When you hear the word pyramid, you probably think about ancient Egyptian pyramids or Mesoamerican pyramids towering high over the jungle canopy. There are some 3,000 year old pyramids in Northern Sudan, and National Geographic Engineer Alan Turchik set out to show the whole world their beauty.

The pyramids even to this day are somewhat of a mystery. There are some theories but no one really knows how they were built, who built them, or why. Adding to the mystery is the mathematical precision and astronomical significance of the structures.

Thousands of years of erosion have taken their toll, but the structures still stand in remarkable condition. Check out the awesome aerial footage Turchik was able to capture.

Nubian pyramids are pyramids that were built by the rulers of the ancient Kushite kingdoms. The Kushites built these pyramids some 800 years after the pyramids of Ancient Egypt were built.

They are thought to have mimicked the workmanship of the pyramids of Ancient Egypt, but on a much lesser scale.

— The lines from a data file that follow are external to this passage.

(* Assume the structure is rigid. Fix $\zeta=(\xi,\eta)\in\Omega$ and let $Z(z,\zeta):=(y-\eta)-i(z)(x-\xi)$. Then $Z(\cdot,\zeta)$ is invertible in each fiber $A_z$, $z\neq\zeta$, the section $z\mapsto Z(z,\zeta)^{-1}$ is $C^1$ on $\Omega\setminus\{\zeta\}$, and \[ \partial_{\bar z}\bigl(Z(\cdot,\zeta)^{-1}\bigr)=0\quad\text{on }\Omega\setminus\{\zeta\}. \]
   Context: Let $\Omega\subset\mathbb R^2$ be open with coordinates $(x,y)$, and let $\alpha,\beta\in C^1(\Omega,\mathbb R)$ satisfy $\Delta:=4\alpha-\beta^2>0$ on $\Omega$. For $z\in\Omega$ let $A_z:=\mathbb R[X]/(X^2+\beta(z)X+\alpha(z))$ (a commutative real algebra) and let $i=i(z)$ denote the class of $X$, so $i^2+\beta i+\alpha=0$ and $\{1,i(z)\}$ is a real basis of $A_z$. An ($A$-valued) section is $f=u+v\,i$ with $u,v:\Omega\to\mathbb R$; it is $C^k$ if $u,v$ are, and sums/products of sections are taken fiberwise. In each fiber $2i+\beta$ is invertible with $(2i+\beta)^{-1}=(-\beta-2i)/\Delta$. The derivatives of the generator are the sections $i_x:=-(\alpha_x+\beta_x i)(2i+\beta)^{-1}$ and $i_y:=-(\alpha_y+\beta_y i)(2i+\beta)^{-1}$. For a $C^1$ section $f=u+vi$ set $\partial_x f:=u_x+v_x i+v\,i_x$, $\partial_y f:=u_y+v_y i+v\,i_y$, $\partial_{\bar z}f:=\tfrac12(\partial_x f+i\,\partial_y f)$. The structure is called rigid if $i_x+i\,i_y=0$ on $\Omega$. *)

From Stdlib Require Import Reals Lra.
From Coquelicot Require Import Coquelicot.
Open Scope R_scope.

Definition open2 (S : R -> R -> Prop) : Prop :=
  forall x y, S x y -> exists eps, 0 < eps /\
    forall x' y', Rabs (x' - x) < eps -> Rabs (y' - y) < eps -> S x' y'.

Definition dx (f : R -> R -> R) (x y : R) : R := Derive (fun t => f t y) x.
Definition dy (f : R -> R -> R) (x y : R) : R := Derive (fun t => f x t) y.

Definition C1_on (S : R -> R -> Prop) (f : R -> R -> R) : Prop :=
  forall x y, S x y ->
    continuity_2d_pt f x y /\
    ex_derive (fun t => f t y) x /\ ex_derive (fun t => f x t) y /\
    continuity_2d_pt (dx f) x y /\ continuity_2d_pt (dy f) x y.

(* An element u + v i of the fiber A_z = R[X]/(X^2 + b X + a) is the pair (u,v). *)
Definition Afib := (R * R)%type.
Definition oneA : Afib := (1, 0).
Definition Ai : Afib := (0, 1).
Definition addA (p q : Afib) : Afib := (fst p + fst q, snd p + snd q).
Definition sclA (c : R) (p : Afib) : Afib := (c * fst p, c * snd p).
(* multiplication in the fiber with parameters a = alpha(z), b = beta(z):
   i^2 = - b i - a *)
Definition mulA (a b : R) (p q : Afib) : Afib :=
  (fst p * fst q - a * (snd p * snd q),
   fst p * snd q + snd p * fst q - b * (snd p * snd q)).

(* (2i + beta)^{-1} = (-beta - 2i)/Delta *)
Definition inv2ib (a b : R) : Afib := sclA (/ (4 * a - b ^ 2)) (- b, -2).

Definition i_x (al be : R -> R -> R) (x y : R) : Afib :=
  let a := al x y in let b := be x y in
  sclA (-1) (mulA a b (dx al x y, dx be x y) (inv2ib a b)).
Definition i_y (al be : R -> R -> R) (x y : R) : Afib :=
  let a := al x y in let b := be x y in
  sclA (-1) (mulA a b (dy al x y, dy be x y) (inv2ib a b)).

Definition dX (al be u v : R -> R -> R) (x y : R) : Afib :=
  addA (dx u x y, dx v x y) (sclA (v x y) (i_x al be x y)).
Definition dY (al be u v : R -> R -> R) (x y : R) : Afib :=
  addA (dy u x y, dy v x y) (sclA (v x y) (i_y al be x y)).
Definition dbar (al be u v : R -> R -> R) (x y : R) : Afib :=
  sclA (/ 2) (addA (dX al be u v x y)
                   (mulA (al x y) (be x y) Ai (dY al be u v x y))).

Definition rigid (Om : R -> R -> Prop) (al be : R -> R -> R) : Prop :=
  forall x y, Om x y ->
    addA (i_x al be x y) (mulA (al x y) (be x y) Ai (i_y al be x y)) = (0, 0).

Definition Zc (xi eta x y : R) : Afib := (y - eta, - (x - xi)).

(** The inverse of [Z = s - t i] in the fibre is [(s + b t + t i) / N] with
    [N = s^2 + b s t + a t^2], the norm form of [A_z]; it is positive away from
    [(s, t) = (0, 0)] because [4 a - b^2 > 0].  For the Cauchy-Riemann equation, differentiate [Z^-1 Z = 1]
    with the Leibniz rule of the fibre product (which holds because [i_x], [i_y]
    are the derivatives of the root [i] of [X^2 + b X + a]): this yields
    [dbar(Z^-1) Z = - Z^-1 dbar Z], and [dbar Z = -(x - xi)/2 (i_x + i i_y)]
    vanishes by rigidity. *)
From Stdlib Require Import Reals Lra.
From Coquelicot Require Import Coquelicot.
Open Scope R_scope.

Definition zc_norm (a b s t : R) : R := s * s + b * s * t + a * t * t.

Definition zc_norm_deriv (a b a' b' s t s' t' : R) : R :=
  2 * s * s' + b' * s * t + b * s' * t + b * s * t' + a' * t * t + 2 * a * t * t'.

Definition zinv (a b s t : R) : Afib := sclA (/ zc_norm a b s t) (s + b * t, t).

(* The derivative of [zinv] along a path whose data [a, b, s, t] have
   derivatives [a', b', s', t'] (quotient rule). *)
Definition zinv_deriv (a b a' b' s t s' t' : R) : Afib :=
  addA (sclA (/ zc_norm a b s t) (s' + b' * t + b * t', t'))
       (sclA (- zc_norm_deriv a b a' b' s t s' t' / zc_norm a b s t ^ 2) (s + b * t, t)).

(* At a point, [i_deriv a b a' b'] and [sec_deriv a b a' b' f f'] are [i_x] and
   [dX] (or [i_y] and [dY]), with [a', b'] the partial derivatives of alpha and
   beta and [f'] those of the components of [f]. *)
Definition i_deriv (a b a' b' : R) : Afib := sclA (-1) (mulA a b (a', b') (inv2ib a b)).

Definition sec_deriv (a b a' b' : R) (f f' : Afib) : Afib :=
  addA f' (sclA (snd f) (i_deriv a b a' b')).

Lemma mulA_comm a b p q : mulA a b p q = mulA a b q p.
Proof. destruct p, q; unfold mulA; simpl; f_equal; ring. Qed.

Lemma mulA_assoc a b p q r : mulA a b p (mulA a b q r) = mulA a b (mulA a b p q) r.
Proof. destruct p, q, r; unfold mulA; simpl; f_equal; ring. Qed.

Lemma mulA_oneA a b p : mulA a b p oneA = p.
Proof. destruct p; unfold mulA, oneA; simpl; f_equal; ring. Qed.

Lemma mulA_eq0_of_unit a b p q q' :
  mulA a b q q' = oneA -> mulA a b p q = (0, 0) -> p = (0, 0).
Proof.
  intros Hq Hpq.
  rewrite <- (mulA_oneA a b p), <- Hq, mulA_assoc, Hpq.
  unfold mulA; simpl; f_equal; ring.
Qed.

The area of the Nile valley known as Nubia, which lies within present day Sudan, was home to three Kushite kingdoms during antiquity. The first had its capital at Kerma (2600–1520 BC). The second was centered on Napata (1000–300 BC). Finally, the last kingdom was centered on Meroë (300 BC–AD 300).

Kerma was Nubia’s first centralized state with its own indigenous forms of architecture and burial customs. The last two kingdoms, Napata and Meroë, were heavily influenced by ancient Egypt culturally, economically, politically, and militarily. The Kushite kingdoms in turn competed strongly with Egypt economically and militarily.

In 751 BC, the Kushite king Piankhi overthrew the 24th Dynasty and united the entire Nile valley from the delta to the city of Napata under his rule.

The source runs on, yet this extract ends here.